= Task item =
Every line below between the one holding "- now apply" and the one holding "revert k; induction", inclusive, should be copied exactly, and no other line.

= Data for analysis =

Fixpoint pint_aux (k : nat) (p : poly) : poly :=
  match p with
  | [] => []
  | a :: p' => (a / INR (S k)) :: pint_aux (S k) p'
  end.

(** x |-> \int_0^x p *)
Definition pint0x (p : poly) : poly := 0 :: pint_aux 0 p.

(** x |-> \int_x^1 p *)
Definition pintx1 (p : poly) : poly :=
  padd [peval (pint0x p) 1] (pscale (-1) (pint0x p)).

Definition psum (f : nat -> poly) (n : nat) : poly :=
  fold_right (fun m acc => padd (f m) acc) [] (seq 0 (S n)).

Definition Qnext (l : list poly) (n : nat) : poly :=
  psum (fun m => pmul (pintx1 (nth m l [])) (nth (n - m) l [])) n.

Fixpoint Qlist (n : nat) : list poly :=
  match n with
  | O => [[1]]
  | S n' => Qlist n' ++ [Qnext (Qlist n') n']
  end.

Definition Qpoly (n : nat) : poly := nth n (Qlist n) [].

Definition Pnext (ql pl : list poly) (n : nat) : poly :=
  psum (fun m => pmul (padd (pint0x (nth m pl [])) (pintx1 (nth m ql [])))
                      (nth (n - m) pl [])) n.

Fixpoint Plist (n : nat) : list poly :=
  match n with
  | O => [[1]]
  | S n' => Plist n' ++ [Pnext (Qlist n') (Plist n') n']
  end.

Definition Ppoly (n : nat) : poly := nth n (Plist n) [].

Definition vmoment (n : nat) : R :=
  if Nat.even n then peval (Ppoly (Nat.div2 n)) 1 else 0.

(** T(t) = \int_t^1 s/(s^2-s+1) ds, in the closed form given in the paper. *)
Definition Tfun (t : R) : R :=
  - / 2 * ln (t ^ 2 - t + 1)
  - sqrt 3 / 3 * (atan ((2 * t - 1) / sqrt 3) - PI / 6).

(** S : inverse of t |-> exp (T t) on [0, +oo). *)
Definition Sinv (y : R) : R :=
  epsilon (inhabits 0) (fun t => 0 <= t /\ exp (Tfun t) = y).

From Pilot Require Import Defs.
From Stdlib Require Import Reals Lra Lia List ClassicalEpsilon FunctionalExtensionality.
From Coquelicot Require Import Coquelicot.
Import ListNotations.
Open Scope R_scope.

(* Rather than computing with the recursions directly, one shows by induction
   that both [Q_n] and [P_n] satisfy the Euler relation
   [x u_k' = k u_k - (2k-1) u_(k-1)]; the step integrates the relation once
   to obtain one for the antiderivatives appearing in the recursions.  At
   [x = 1] the relation for [P_(n+1)] turns the recursion into
   [(n+1) a_(n+1) = (2n+1) a_n + c_n] for [a_n = P_n(1)], where [c] is the
   coefficient sequence of [A^2 (A - 1)], [A(w) = sum a_n w^n].  So the [a_n]
   are nonnegative and [A] solves [(1 - 2w) A' = A - A^2 + A^3], a separable
   equation with first integral [T(1/A) + ln(1 - 2w)/2].  On partial sums the
   equation holds as an inequality, and the first integral bounds them
   uniformly for [w < 1/4]; on [A] itself it gives
   [exp T(1/A(w)) = 1/sqrt(1 - 2w)], i.e. [S(1/sqrt(1-2w)) = 1/A(w)].  Finally
   the moment series at [z] is [A(z^2)]. *)

Lemma peval_padd (p q : Defs.poly) (x : R) : peval (padd p q) x = peval p x + peval q x.
Proof.
  revert q; induction p as [|a p IH]; intros [|b q]; simpl; try ring.
  rewrite IH; ring.
Qed.

Lemma peval_pscale (c : R) (p : Defs.poly) (x : R) : peval (pscale c p) x = c * peval p x.
Proof.
  unfold pscale; induction p as [|a p IH]; simpl; [ring|].
  rewrite IH; ring.
Qed.

Lemma peval_pmul (p q : Defs.poly) (x : R) : peval (pmul p q) x = peval p x * peval q x.
Proof.
  induction p as [|a p IH]; simpl; [ring|].
  rewrite peval_padd, peval_pscale; simpl; rewrite IH; ring.
Qed.

Lemma peval_fold_padd_seq (f : nat -> Defs.poly) (s n : nat) (x : R) :
  peval (fold_right (fun m acc => padd (f m) acc) [] (seq s (S n))) x =
  sum_f_R0 (fun i => peval (f (s + i)%nat) x) n.
Proof.
  revert s; induction n as [|n IH]; intros s; rewrite <- cons_seq; cbn [fold_right].
  - rewrite peval_padd; simpl; rewrite Nat.add_0_r; ring.
  - rewrite peval_padd, (decomp_sum _ (S n)) by lia; cbn [Nat.pred].
    rewrite Nat.add_0_r, IH; f_equal; apply sum_eq; intros i _.
    now rewrite Nat.add_succ_r.
Qed.

Lemma peval_psum (f : nat -> Defs.poly) (n : nat) (x : R) :
  peval (psum f n) x = sum_f_R0 (fun m => peval (f m) x) n.
Proof. apply peval_fold_padd_seq. Qed.

Lemma ex_derive_peval (p : Defs.poly) (x : R) : ex_derive (peval p) x.
Proof.
  revert x; induction p as [|a p IH]; intros x; simpl.
  - apply ex_derive_const.
  - apply (ex_derive_plus (fun _ => a) (fun y => y * peval p y)).
    + apply ex_derive_const.
    + apply ex_derive_mult; [apply ex_derive_id | apply IH].
Qed.

Lemma is_derive_cst (c x : R) : is_derive (fun _ => c) x 0.
Proof. apply is_derive_Reals, derivable_pt_lim_const. Qed.

Lemma is_derive_sum_f_R0 (F : nat -> R -> R) (dF : nat -> R) (x : R) (n : nat) :
  (forall m, (m <= n)%nat -> is_derive (F m) x (dF m)) ->
  is_derive (fun y => sum_f_R0 (fun m => F m y) n) x (sum_f_R0 dF n).
Proof.
  intros H; rewrite <- sum_n_Reals.
  apply (is_derive_ext (fun y => sum_n (fun m => F m y) n)).
  - intros y; apply sum_n_Reals.
  - now apply (@is_derive_sum_n R_AbsRing R_NormedModule).
Qed.

Lemma is_derive_pint_aux (p : Defs.poly) (k : nat) (x : R) :
  is_derive (fun y => y ^ S k * peval (pint_aux k p) y) x (x ^ k * peval p x).
Proof.
  revert k; induction p as [|a p IH]; intros k; simpl.
  - apply (is_derive_ext (fun _ => 0)); [intros; simpl; ring|].
    rewrite Rmult_0_r; apply is_derive_cst.
  - apply (is_derive_ext
      (fun y => a / INR (S k) * y ^ S k + y ^ S (S k) * peval (pint_aux (S k) p) y)).
    { intros y; simpl; ring. }
    replace (x ^ k * (a + x * peval p x))
      with (a / INR (S k) * (INR (S k) * x ^ Nat.pred (S k)) + x ^ S k * peval p x).
    2:{ assert (INR (S k) <> 0) by (apply not_0_INR; lia).
        simpl; field; assumption. }
    apply (is_derive_plus (fun y => a / INR (S k) * y ^ S k)).
    + apply is_derive_scal, is_derive_Reals, derivable_pt_lim_pow.
    + apply IH.
Qed.

Lemma is_derive_pint0x (p : Defs.poly) (x : R) :
  is_derive (peval (pint0x p)) x (peval p x).
Proof.
  apply (is_derive_ext (fun y => y ^ 1 * peval (pint_aux 0 p) y)).
  { intros y; simpl; ring. }
  replace (peval p x) with (x ^ 0 * peval p x) by (simpl; ring).
  apply is_derive_pint_aux.
Qed.

Lemma pint0x_at0 (p : Defs.poly) : peval (pint0x p) 0 = 0.
Proof. simpl; ring. Qed.

Lemma peval_pintx1 (p : Defs.poly) (x : R) :
  peval (pintx1 p) x = peval (pint0x p) 1 - peval (pint0x p) x.
Proof. unfold pintx1; rewrite peval_padd, peval_pscale; simpl; ring. Qed.

Lemma is_derive_pintx1 (p : Defs.poly) (x : R) :
  is_derive (peval (pintx1 p)) x (- peval p x).
Proof.
  apply (is_derive_ext (fun y => peval (pint0x p) 1 - peval (pint0x p) y)).
  { intros y; symmetry; apply peval_pintx1. }
  replace (- peval p x) with (0 - peval p x) by ring.
  apply (is_derive_minus (fun _ => peval (pint0x p) 1));
    [apply is_derive_cst | apply is_derive_pint0x].
Qed.

Lemma pintx1_at1 (p : Defs.poly) : peval (pintx1 p) 1 = 0.
Proof. rewrite peval_pintx1; ring. Qed.

Lemma Qlist_length (n : nat) : length (Qlist n) = S n.
Proof. induction n; simpl; auto. rewrite length_app, IHn; simpl; lia. Qed.

Lemma Plist_length (n : nat) : length (Plist n) = S n.
Proof. induction n; simpl; auto. rewrite length_app, IHn; simpl; lia. Qed.

Lemma nth_Qlist (n m : nat) : (m <= n)%nat -> nth m (Qlist n) [] = Qpoly m.
Proof.
  induction n as [|n IH]; intros Hm.
  - now replace m with 0%nat by lia.
  - destruct (Nat.eq_dec m (S n)) as [->|Hne]; [reflexivity|].
    simpl; rewrite app_nth1 by (rewrite Qlist_length; lia); apply IH; lia.
Qed.

Lemma nth_Plist (n m : nat) : (m <= n)%nat -> nth m (Plist n) [] = Ppoly m.
Proof.
  induction n as [|n IH]; intros Hm.
  - now replace m with 0%nat by lia.
  - destruct (Nat.eq_dec m (S n)) as [->|Hne]; [reflexivity|].
    simpl; rewrite app_nth1 by (rewrite Plist_length; lia); apply IH; lia.
Qed.

Lemma Qpoly_succ (n : nat) : Qpoly (S n) = Qnext (Qlist n) n.
Proof.
  unfold Qpoly; simpl; rewrite app_nth2; rewrite Qlist_length; [|lia].
  now rewrite Nat.sub_diag.
Qed.

Lemma Ppoly_succ (n : nat) : Ppoly (S n) = Pnext (Qlist n) (Plist n) n.
Proof.
  unfold Ppoly; simpl; rewrite app_nth2; rewrite Plist_length; [|lia].
  now rewrite Nat.sub_diag.
Qed.

Definition Q (n : nat) (x : R) : R := peval (Qpoly n) x.
Definition P (n : nat) (x : R) : R := peval (Ppoly n) x.
Definition IQ (n : nat) (x : R) : R := peval (pintx1 (Qpoly n)) x.
Definition IP (n : nat) (x : R) : R := peval (pint0x (Ppoly n)) x.

Lemma Q_0 (x : R) : Q 0 x = 1.
Proof. unfold Q, Qpoly; simpl; ring. Qed.

Lemma P_0 (x : R) : P 0 x = 1.
Proof. unfold P, Ppoly; simpl; ring. Qed.

Lemma Q_succ (n : nat) (x : R) :
  Q (S n) x = sum_f_R0 (fun m => IQ m x * Q (n - m) x) n.
Proof.
  unfold Q at 1; rewrite Qpoly_succ; unfold Qnext; rewrite peval_psum.
  apply sum_eq; intros i Hi; rewrite peval_pmul, !nth_Qlist by lia; reflexivity.
Qed.

Lemma P_succ (n : nat) (x : R) :
  P (S n) x = sum_f_R0 (fun m => (IP m x + IQ m x) * P (n - m) x) n.
Proof.
  unfold P at 1; rewrite Ppoly_succ; unfold Pnext; rewrite peval_psum.
  apply sum_eq; intros i Hi.
  rewrite peval_pmul, peval_padd, nth_Qlist, !nth_Plist by lia; reflexivity.
Qed.

Lemma is_derive_IQ (n : nat) (x : R) : is_derive (IQ n) x (- Q n x).
Proof. apply is_derive_pintx1. Qed.

Lemma is_derive_IP (n : nat) (x : R) : is_derive (IP n) x (P n x).
Proof. apply is_derive_pint0x. Qed.

Lemma IQ_at1 (n : nat) : IQ n 1 = 0.
Proof. apply pintx1_at1. Qed.

Lemma IP_at0 (n : nat) : IP n 0 = 0.
Proof. apply pint0x_at0. Qed.

Lemma ex_derive_Q (n : nat) (x : R) : ex_derive (Q n) x.
Proof. apply ex_derive_peval. Qed.

Lemma ex_derive_P (n : nat) (x : R) : ex_derive (P n) x.
Proof. apply ex_derive_peval. Qed.

Lemma Derive_Q_succ (n : nat) (x : R) :
  Derive (Q (S n)) x =
  sum_f_R0 (fun m => - Q m x * Q (n - m) x + IQ m x * Derive (Q (n - m)) x) n.
Proof.
  apply is_derive_unique.
  apply (is_derive_ext (fun y => sum_f_R0 (fun m => IQ m y * Q (n - m) y) n)).
  { intros y; symmetry; apply Q_succ. }
  apply (is_derive_sum_f_R0 (fun m y => IQ m y * Q (n - m) y)); intros m _.
  apply (is_derive_mult (IQ m) (Q (n - m))).
  - apply is_derive_IQ.
  - apply Derive_correct, ex_derive_Q.
  - intros; apply Rmult_comm.
Qed.

Lemma Derive_P_succ (n : nat) (x : R) :
  Derive (P (S n)) x =
  sum_f_R0 (fun m => (P m x - Q m x) * P (n - m) x
                     + (IP m x + IQ m x) * Derive (P (n - m)) x) n.
Proof.
  apply is_derive_unique.
  apply (is_derive_ext (fun y => sum_f_R0 (fun m => (IP m y + IQ m y) * P (n - m) y) n)).
  { intros y; symmetry; apply P_succ. }
  apply (is_derive_sum_f_R0 (fun m y => (IP m y + IQ m y) * P (n - m) y)); intros m _.
  apply (is_derive_mult (fun y => IP m y + IQ m y) (P (n - m))).
  - apply (is_derive_plus (IP m) (IQ m)); [apply is_derive_IP | apply is_derive_IQ].
  - apply Derive_correct, ex_derive_P.
  - intros; apply Rmult_comm.
Qed.

Lemma Derive_Q_0 (x : R) : Derive (Q 0) x = 0.
Proof.
  apply is_derive_unique, (is_derive_ext (fun _ => 1)); [intros; symmetry; apply Q_0|].
  apply is_derive_cst.
Qed.

Lemma Derive_P_0 (x : R) : Derive (P 0) x = 0.
Proof.
  apply is_derive_unique, (is_derive_ext (fun _ => 1)); [intros; symmetry; apply P_0|].
  apply is_derive_cst.
Qed.

(** * The Euler relation [x u_k' = k u_k - (2k-1) u_(k-1)] *)

Definition shift (u : nat -> R) (k : nat) : R := match k with O => 0 | S j => u j end.
Definition delta0 (m : nat) : R := match m with O => 1 | S _ => 0 end.

Lemma sum_delta0_l (u : nat -> R) (n : nat) :
  sum_f_R0 (fun m => delta0 m * u (n - m)%nat) n = u n.
Proof.
  destruct n as [|n]; [simpl; ring|].
  rewrite decomp_sum by lia; cbn [delta0 Nat.pred].
  rewrite (sum_eq _ (fun _ => 0)) by (intros; ring).
  rewrite sum_cte, Nat.sub_0_r; ring.
Qed.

= The completed task =
  - now apply (@is_derive_sum_n R_AbsRing R_NormedModule).
Qed.

Lemma is_derive_pint_aux (p : Defs.poly) (k : nat) (x : R) :
  is_derive (fun y => y ^ S k * peval (pint_aux k p) y) x (x ^ k * peval p x).
Proof.
  revert k; induction p as [|a p IH]; intros k; simpl.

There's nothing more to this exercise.